The more skeptical of genre – those that don’t see it as fixed or quantifiable with a list – will likely have enjoyed ERASED more, but that just isn’t the market ERASED walked into (especially with anime pretty starved of good mysteries lately), and nor was it the majority of viewers it depended on for its success. I still enjoyed most of it, but it makes sense that a lot of people didn’t.

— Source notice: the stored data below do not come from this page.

(* Let $p,p'\in[0,1]^N$ with $\|p-p'\|_0\le1$. If $\mathrm{FDP}[BH_q;p']\ne\mathrm{FDP}[BH_q;p]$, then $\tilde k'\ne\tilde k$.
   Context: $\mathcal N=\{1,\dots,N\}=\mathcal H_0\sqcup\mathcal H_1$ is a fixed partition of test indices into nulls and alternatives; $q\in(0,1)$. $\|p-p'\|_0$ is the number of indices $i$ with $p_i\ne p'_i$. For $x\in[0,1]^N$, its rejection count is $\tilde k(x)=\max\{i\in\{0,\dots,N\}:|\{j\in\mathcal N:0\le x_j<iq/N\}|=i\}$; the Benjamini–Hochberg procedure $BH_q$ rejects the tests $j$ with $x_j<\tilde k(x)q/N$, and $\mathrm{FDP}[BH_q;x]=|\{j\in\mathcal H_0:x_j<\tilde k(x)q/N\}|/\max(\tilde k(x),1)$. Write $\tilde k=\tilde k(p)$, $\tilde k'=\tilde k(p')$. *)

From HB Require Import structures.
From mathcomp Require Import all_boot all_order all_algebra.
From mathcomp Require Export reals.
Set Implicit Arguments. Unset Strict Implicit. Unset Printing Implicit Defensive.
Import Order.TTheory GRing.Theory Num.Theory.
Local Open Scope ring_scope.

Section BH.
Variables (R : realType) (N : nat) (q : R).

Definition below_count (x : 'I_N -> R) (t : R) : nat :=
  #|[set j : 'I_N | (0 <= x j) && (x j < t)]|.

(* rejection count  k~(x) = max{ i in {0..N} : |{j : 0 <= x_j < i q/N}| = i };
   i = 0 always qualifies, so the default 0 of \max is harmless. *)
Definition ktilde (x : 'I_N -> R) : nat :=
  \max_(i < N.+1 | below_count x (i%:R * q / N%:R) == i) (i : nat).

Definition FDP_BH (H0 : {set 'I_N}) (x : 'I_N -> R) : R :=
  (#|[set j in H0 | x j < (ktilde x)%:R * q / N%:R]|)%:R
    / (maxn (ktilde x) 1)%:R.

Definition l0dist (p p' : 'I_N -> R) : nat := #|[set i : 'I_N | p i != p' i]|.
End BH.

(** If the rejection count is the same for [p] and [p'], then both count [k]
    p-values in [[0, t)] for the common threshold [t = k q / N].  Since [p]
    and [p'] differ in at most one coordinate, the two sets of p-values below
    [t] agree off that coordinate and have the same size, hence coincide; so
    BH rejects the same tests and the FDP is unchanged. *)

From mathcomp Require Import all_boot all_order all_algebra reals.
Set Implicit Arguments. Unset Strict Implicit. Unset Printing Implicit Defensive.
Import Order.TTheory GRing.Theory Num.Theory.
Local Open Scope ring_scope.

Lemma setD1_card_eq (T : finType) (A B : {set T}) (j : T) :
  A :\ j = B :\ j -> #|A| = #|B| -> A = B.
Proof.
move=> eqAB cardAB; have jAB : (j \in A) = (j \in B).
  have : ((j \in A) + #|A :\ j| = (j \in B) + #|B :\ j|)%N by rewrite -!cardsD1.
  by rewrite eqAB => /addIn; case: (j \in A); case: (j \in B).
apply/setP => i; have [->|nij] := eqVneq i j; first exact: jAB.
by have /setP/(_ i) := eqAB; rewrite !inE nij.
Qed.

Section BenjaminiHochberg.
Variables (R : realType) (N : nat) (q : R).
Implicit Types (x p : 'I_N -> R) (t : R).

Definition below_set x t : {set 'I_N} := [set j | (0 <= x j) && (x j < t)].

Lemma below_count_ktilde x :
  below_count x ((ktilde q x)%:R * q / N%:R) = ktilde q x.
Proof.
apply/eqP; rewrite /ktilde.
apply: (big_ind (fun m : nat => below_count x (m%:R * q / N%:R) == m)) => //.
- rewrite /below_count !mul0r cards_eq0; apply/eqP/setP => j.
  by rewrite !inE; case: leP.
- by move=> a b; rewrite /maxn; case: ifP.
Qed.

Lemma FDP_BH_below_set (H0 : {set 'I_N}) x : (forall i, 0 <= x i) ->
  FDP_BH q H0 x = #|H0 :&: below_set x ((ktilde q x)%:R * q / N%:R)|%:R
                    / (maxn (ktilde q x) 1)%:R.
Proof.
move=> x_ge0; congr (_%:R / _); apply: eq_card => j.
by rewrite !inE x_ge0.
Qed.

Lemma l0dist_le1_eq p (p' : 'I_N -> R) j : (l0dist p p' <= 1)%N -> p j != p' j ->
  forall i, i != j -> p i = p' i.
Proof.
move=> /card_le1_eqP diff_eq neqj i nij; apply/eqP.
by apply: contraNT nij => neqi; apply/eqP/diff_eq; rewrite inE.
Qed.

Lemma below_set_eq p (p' : 'I_N -> R) t : (l0dist p p' <= 1)%N ->
  below_count p t = below_count p' t -> below_set p t = below_set p' t.
Proof.
move=> dist1 eq_count; have [j neqj|eqpp'] := pickP (fun j => p j != p' j).
  apply: (@setD1_card_eq _ _ _ j) => //; apply/setP => i; rewrite !inE.
  by have [//|nij] := eqVneq i j; rewrite (l0dist_le1_eq dist1 neqj nij).
by apply/setP => i; rewrite !inE; have /negbFE/eqP -> := eqpp' i.
Qed.

End BenjaminiHochberg.

Theorem lemma2 (R : realType) (N : nat) (H0 : {set 'I_N}) (q : R)
  (p p' : 'I_N -> R) :
  0 < q < 1 ->
  (forall i, 0 <= p i <= 1) -> (forall i, 0 <= p' i <= 1) ->
  (l0dist p p' <= 1)%N ->
  FDP_BH q H0 p' != FDP_BH q H0 p ->
  ktilde q p' != ktilde q p.
Proof.
move=> _ p01 p'01 dist1; apply: contraNneq => eq_k.
have p_ge0 i : 0 <= p i by case/andP: (p01 i).
have p'_ge0 i : 0 <= p' i by case/andP: (p'01 i).
set t := (ktilde q p)%:R * q / N%:R.
have eq_count : below_count p t = below_count p' t.
  by rewrite below_count_ktilde -eq_k -below_count_ktilde eq_k.
rewrite !FDP_BH_below_set // eq_k -/t.
by rewrite (below_set_eq dist1 eq_count).
Qed.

But let’s stop saying it should have had more culprits, or more mysteriousness. And let’s stop always taking issue with people arguing ‘ERASED isn’t a mystery’ by believing it’s inherently some kind of ‘defense’. Our priority as critics is to come to the clearest understanding of how a story works and how well it does what it tries to do. It should be obvious, on closer inspection, that ERASED aimed to flout the ‘whodunnit’ genre rather than fulfill it. All it needed to do was sell what it set out to do better; a story of ‘playing detective’ but never really being one. A story where ignorance is a boon to character depth, not an obstacle for so many viewers. The flaws of Re:Zero’s Subaru have me engrossed in his struggle. The flaws of Satoru just didn’t come to fruition in the end.